Start of Block

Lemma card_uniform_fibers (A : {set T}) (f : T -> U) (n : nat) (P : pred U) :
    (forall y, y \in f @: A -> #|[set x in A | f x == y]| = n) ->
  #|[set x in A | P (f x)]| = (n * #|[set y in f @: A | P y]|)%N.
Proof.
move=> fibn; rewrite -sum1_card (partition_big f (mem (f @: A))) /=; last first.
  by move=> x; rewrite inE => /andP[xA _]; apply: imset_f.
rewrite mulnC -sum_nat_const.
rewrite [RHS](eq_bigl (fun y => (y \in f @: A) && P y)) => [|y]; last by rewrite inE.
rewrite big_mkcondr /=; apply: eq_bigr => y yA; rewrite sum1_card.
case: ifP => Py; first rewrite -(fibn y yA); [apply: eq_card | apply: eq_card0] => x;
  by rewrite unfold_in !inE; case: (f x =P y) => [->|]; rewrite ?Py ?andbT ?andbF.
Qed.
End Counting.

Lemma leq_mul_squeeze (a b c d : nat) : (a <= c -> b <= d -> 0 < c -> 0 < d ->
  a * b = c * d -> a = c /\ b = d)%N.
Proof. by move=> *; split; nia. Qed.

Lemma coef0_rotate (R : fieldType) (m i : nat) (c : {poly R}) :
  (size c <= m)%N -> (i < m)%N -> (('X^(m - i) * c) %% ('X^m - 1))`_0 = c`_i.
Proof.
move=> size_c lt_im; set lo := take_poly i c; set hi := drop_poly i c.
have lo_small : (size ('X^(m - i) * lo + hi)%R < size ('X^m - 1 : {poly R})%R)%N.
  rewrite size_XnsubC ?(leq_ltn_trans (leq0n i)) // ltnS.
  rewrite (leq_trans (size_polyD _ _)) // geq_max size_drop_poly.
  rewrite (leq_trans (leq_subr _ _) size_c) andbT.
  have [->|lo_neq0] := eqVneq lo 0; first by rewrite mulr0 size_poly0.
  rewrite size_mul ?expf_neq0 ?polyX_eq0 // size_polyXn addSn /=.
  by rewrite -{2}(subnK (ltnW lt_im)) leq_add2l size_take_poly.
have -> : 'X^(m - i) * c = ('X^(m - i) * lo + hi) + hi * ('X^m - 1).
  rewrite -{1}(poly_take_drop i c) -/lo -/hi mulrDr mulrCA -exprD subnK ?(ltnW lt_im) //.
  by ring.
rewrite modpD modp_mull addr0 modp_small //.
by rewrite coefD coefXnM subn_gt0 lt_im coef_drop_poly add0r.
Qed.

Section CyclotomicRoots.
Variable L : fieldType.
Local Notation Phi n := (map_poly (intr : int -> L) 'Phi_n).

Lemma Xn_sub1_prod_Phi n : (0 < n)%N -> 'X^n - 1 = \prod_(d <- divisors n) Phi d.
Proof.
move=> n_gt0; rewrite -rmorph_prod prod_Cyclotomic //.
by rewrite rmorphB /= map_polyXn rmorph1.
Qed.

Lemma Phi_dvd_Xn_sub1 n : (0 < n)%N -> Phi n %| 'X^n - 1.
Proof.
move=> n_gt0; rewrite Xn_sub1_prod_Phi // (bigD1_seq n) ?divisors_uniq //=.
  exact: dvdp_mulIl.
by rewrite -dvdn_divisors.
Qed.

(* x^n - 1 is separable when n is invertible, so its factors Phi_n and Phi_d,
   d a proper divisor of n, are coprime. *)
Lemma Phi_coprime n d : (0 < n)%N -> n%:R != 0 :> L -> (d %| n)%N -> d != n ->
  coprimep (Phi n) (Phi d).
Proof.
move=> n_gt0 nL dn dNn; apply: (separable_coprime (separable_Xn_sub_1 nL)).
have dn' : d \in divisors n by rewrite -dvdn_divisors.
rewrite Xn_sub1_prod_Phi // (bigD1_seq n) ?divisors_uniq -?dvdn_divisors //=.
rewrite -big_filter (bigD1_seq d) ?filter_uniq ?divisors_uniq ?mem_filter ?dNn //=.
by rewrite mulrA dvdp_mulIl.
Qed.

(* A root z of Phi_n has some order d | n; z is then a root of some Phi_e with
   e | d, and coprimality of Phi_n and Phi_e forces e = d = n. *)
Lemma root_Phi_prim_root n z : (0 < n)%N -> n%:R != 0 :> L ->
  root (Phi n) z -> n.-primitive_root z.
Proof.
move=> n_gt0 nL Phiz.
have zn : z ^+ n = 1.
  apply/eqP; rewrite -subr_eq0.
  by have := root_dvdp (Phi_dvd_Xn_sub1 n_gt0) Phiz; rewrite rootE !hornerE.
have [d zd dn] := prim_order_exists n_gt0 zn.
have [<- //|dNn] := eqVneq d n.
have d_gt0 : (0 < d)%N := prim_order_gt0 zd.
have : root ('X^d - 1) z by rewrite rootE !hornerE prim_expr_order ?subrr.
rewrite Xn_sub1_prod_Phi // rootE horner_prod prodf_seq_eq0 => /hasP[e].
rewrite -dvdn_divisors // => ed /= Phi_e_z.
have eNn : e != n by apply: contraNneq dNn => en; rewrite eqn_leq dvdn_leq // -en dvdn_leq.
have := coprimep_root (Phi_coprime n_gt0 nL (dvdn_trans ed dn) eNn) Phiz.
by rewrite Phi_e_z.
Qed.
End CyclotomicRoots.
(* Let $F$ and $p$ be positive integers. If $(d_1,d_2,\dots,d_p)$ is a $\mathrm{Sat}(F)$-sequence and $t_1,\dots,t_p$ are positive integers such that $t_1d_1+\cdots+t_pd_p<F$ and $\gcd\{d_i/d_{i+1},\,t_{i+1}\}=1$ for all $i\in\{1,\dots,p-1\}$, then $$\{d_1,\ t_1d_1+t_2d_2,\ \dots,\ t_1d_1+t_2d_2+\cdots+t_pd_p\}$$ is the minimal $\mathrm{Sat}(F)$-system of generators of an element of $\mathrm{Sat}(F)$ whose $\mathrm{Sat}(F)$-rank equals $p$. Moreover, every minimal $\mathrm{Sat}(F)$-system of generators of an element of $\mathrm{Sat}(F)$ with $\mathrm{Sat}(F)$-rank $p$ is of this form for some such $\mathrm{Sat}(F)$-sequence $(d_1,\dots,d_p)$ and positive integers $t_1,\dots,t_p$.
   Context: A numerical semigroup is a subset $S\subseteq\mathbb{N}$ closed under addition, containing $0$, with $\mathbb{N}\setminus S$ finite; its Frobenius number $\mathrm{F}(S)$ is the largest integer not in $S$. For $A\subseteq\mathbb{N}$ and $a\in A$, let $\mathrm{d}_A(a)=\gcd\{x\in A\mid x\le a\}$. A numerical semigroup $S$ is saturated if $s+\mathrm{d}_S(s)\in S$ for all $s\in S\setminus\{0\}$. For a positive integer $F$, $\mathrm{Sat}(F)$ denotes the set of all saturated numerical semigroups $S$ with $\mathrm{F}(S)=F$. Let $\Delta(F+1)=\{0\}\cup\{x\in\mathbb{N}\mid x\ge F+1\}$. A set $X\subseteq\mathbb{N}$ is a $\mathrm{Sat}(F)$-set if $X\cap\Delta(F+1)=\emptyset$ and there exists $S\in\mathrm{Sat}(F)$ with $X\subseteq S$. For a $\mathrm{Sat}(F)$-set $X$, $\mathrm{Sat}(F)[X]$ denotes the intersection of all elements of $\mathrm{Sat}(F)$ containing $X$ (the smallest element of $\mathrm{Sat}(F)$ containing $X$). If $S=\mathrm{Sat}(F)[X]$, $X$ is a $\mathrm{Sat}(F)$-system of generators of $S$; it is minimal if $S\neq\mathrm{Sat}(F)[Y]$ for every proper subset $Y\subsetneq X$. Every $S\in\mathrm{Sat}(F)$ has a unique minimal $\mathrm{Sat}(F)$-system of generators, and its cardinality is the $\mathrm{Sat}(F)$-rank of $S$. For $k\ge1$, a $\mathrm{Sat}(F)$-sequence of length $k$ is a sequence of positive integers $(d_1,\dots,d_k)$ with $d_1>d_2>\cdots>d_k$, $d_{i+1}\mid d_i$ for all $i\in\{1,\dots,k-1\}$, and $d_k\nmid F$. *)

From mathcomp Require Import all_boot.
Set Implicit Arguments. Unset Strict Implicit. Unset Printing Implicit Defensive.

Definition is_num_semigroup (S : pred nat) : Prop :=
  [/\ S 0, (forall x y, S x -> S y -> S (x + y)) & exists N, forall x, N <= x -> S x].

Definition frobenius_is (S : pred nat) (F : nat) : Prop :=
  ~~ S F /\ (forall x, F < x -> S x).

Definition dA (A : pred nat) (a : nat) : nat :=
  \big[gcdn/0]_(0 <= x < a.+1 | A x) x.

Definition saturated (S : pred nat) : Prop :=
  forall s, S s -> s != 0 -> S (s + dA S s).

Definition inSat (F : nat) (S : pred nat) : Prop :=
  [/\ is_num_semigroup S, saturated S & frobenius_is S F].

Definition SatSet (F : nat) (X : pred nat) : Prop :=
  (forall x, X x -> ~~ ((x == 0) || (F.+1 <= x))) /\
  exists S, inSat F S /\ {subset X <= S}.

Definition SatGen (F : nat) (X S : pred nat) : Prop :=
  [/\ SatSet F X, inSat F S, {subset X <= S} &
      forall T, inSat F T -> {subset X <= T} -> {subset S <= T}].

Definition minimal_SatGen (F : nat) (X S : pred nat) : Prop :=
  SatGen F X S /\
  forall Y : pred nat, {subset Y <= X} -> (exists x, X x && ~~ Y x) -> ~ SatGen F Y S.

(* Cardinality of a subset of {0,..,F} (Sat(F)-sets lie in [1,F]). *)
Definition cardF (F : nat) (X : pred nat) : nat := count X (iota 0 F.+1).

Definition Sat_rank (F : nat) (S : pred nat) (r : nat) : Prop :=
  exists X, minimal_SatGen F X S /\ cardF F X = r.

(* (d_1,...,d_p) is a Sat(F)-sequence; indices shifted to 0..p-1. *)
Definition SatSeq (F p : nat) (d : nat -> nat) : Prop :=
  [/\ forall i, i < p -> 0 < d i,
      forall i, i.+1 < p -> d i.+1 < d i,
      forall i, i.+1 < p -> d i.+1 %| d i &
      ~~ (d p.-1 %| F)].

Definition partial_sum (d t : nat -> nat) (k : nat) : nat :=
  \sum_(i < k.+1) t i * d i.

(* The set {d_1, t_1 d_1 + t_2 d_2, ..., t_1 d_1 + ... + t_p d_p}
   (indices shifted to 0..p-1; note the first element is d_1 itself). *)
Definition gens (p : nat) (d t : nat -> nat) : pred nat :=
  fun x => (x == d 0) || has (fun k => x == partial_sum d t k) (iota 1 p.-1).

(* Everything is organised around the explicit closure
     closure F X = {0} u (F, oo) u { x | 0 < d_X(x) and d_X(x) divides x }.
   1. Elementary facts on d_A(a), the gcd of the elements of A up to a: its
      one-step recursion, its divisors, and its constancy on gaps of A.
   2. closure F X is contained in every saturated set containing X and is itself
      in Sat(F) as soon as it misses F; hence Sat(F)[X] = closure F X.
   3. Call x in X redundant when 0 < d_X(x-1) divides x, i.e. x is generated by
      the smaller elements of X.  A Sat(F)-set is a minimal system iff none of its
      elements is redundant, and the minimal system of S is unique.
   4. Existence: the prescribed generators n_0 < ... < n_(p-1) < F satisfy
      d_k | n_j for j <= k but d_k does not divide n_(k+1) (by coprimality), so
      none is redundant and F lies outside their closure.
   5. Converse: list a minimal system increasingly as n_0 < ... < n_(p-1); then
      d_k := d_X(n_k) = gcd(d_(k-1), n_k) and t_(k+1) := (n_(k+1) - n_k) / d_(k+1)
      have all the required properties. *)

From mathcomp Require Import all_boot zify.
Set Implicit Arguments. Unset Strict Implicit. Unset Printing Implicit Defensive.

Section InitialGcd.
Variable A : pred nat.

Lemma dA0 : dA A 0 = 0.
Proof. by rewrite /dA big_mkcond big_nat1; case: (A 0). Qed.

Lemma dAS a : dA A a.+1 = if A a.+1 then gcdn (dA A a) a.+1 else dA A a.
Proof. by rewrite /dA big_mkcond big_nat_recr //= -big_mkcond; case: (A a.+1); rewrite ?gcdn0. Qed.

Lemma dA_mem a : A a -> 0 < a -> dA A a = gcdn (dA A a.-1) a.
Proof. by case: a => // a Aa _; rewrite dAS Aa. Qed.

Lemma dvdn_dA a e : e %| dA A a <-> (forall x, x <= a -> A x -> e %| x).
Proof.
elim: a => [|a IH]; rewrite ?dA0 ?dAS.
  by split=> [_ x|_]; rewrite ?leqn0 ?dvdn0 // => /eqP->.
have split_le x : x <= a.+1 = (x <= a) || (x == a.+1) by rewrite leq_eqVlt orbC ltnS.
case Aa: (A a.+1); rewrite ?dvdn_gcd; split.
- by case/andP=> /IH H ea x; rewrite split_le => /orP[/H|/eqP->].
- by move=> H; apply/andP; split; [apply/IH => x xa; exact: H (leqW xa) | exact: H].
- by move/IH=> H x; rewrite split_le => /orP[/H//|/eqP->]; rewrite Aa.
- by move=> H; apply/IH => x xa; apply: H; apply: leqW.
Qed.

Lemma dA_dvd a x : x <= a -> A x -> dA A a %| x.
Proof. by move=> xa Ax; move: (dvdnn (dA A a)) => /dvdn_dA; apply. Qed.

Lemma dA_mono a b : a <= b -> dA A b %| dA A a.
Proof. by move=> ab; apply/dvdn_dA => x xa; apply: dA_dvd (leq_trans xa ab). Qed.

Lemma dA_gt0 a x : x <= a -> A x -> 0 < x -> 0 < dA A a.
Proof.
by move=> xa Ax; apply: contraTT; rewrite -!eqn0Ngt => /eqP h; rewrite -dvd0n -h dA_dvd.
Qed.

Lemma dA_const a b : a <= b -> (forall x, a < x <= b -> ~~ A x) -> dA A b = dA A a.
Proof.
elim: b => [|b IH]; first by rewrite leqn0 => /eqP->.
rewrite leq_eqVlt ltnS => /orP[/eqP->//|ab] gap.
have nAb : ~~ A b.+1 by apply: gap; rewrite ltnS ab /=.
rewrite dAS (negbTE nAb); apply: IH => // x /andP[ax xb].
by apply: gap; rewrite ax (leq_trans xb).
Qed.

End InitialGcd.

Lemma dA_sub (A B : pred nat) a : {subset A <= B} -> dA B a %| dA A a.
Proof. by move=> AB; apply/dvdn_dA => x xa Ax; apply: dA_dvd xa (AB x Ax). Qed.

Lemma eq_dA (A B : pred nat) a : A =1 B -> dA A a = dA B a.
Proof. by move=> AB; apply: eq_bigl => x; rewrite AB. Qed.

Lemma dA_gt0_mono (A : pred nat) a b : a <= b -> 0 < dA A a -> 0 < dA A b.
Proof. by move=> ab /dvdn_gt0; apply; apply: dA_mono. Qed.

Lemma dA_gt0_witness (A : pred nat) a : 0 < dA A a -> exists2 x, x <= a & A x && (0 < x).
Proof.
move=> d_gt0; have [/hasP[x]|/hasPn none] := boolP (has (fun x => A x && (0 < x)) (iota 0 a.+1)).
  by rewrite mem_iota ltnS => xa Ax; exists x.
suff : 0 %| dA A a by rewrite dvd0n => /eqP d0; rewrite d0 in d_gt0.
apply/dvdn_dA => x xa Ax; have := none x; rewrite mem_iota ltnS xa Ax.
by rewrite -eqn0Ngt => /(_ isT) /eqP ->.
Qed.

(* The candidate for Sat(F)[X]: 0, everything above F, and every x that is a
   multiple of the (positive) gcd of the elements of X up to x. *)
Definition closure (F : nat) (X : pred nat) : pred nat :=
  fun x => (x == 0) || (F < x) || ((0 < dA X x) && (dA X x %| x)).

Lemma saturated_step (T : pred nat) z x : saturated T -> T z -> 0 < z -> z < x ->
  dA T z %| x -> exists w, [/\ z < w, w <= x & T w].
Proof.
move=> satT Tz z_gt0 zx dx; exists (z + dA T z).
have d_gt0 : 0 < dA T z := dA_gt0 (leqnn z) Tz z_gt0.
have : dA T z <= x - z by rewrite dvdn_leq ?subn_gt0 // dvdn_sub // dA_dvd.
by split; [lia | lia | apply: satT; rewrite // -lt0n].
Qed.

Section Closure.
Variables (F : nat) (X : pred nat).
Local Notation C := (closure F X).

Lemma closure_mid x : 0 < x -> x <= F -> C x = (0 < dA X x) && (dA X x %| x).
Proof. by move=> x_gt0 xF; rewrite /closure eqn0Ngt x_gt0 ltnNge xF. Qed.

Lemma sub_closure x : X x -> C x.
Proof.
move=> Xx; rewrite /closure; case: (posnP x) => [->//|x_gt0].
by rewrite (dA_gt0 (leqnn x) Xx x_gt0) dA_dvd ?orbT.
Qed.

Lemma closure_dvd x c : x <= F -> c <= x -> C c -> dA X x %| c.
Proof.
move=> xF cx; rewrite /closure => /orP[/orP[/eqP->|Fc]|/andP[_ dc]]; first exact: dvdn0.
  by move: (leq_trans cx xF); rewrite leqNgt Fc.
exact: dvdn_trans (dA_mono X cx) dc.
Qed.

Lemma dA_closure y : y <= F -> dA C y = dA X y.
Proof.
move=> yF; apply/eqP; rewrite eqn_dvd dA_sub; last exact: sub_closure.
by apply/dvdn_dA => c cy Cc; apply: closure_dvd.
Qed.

End of Block

From where "move=> xF cx;" appears to the last line of the listing above, please write out every line exactly; leave out the rest.

OUTPUT OF THE TASK:
move=> xF cx; rewrite /closure => /orP[/orP[/eqP->|Fc]|/andP[_ dc]]; first exact: dvdn0.
  by move: (leq_trans cx xF); rewrite leqNgt Fc.
exact: dvdn_trans (dA_mono X cx) dc.
Qed.

Lemma dA_closure y : y <= F -> dA C y = dA X y.
Proof.
move=> yF; apply/eqP; rewrite eqn_dvd dA_sub; last exact: sub_closure.
by apply/dvdn_dA => c cy Cc; apply: closure_dvd.
Qed.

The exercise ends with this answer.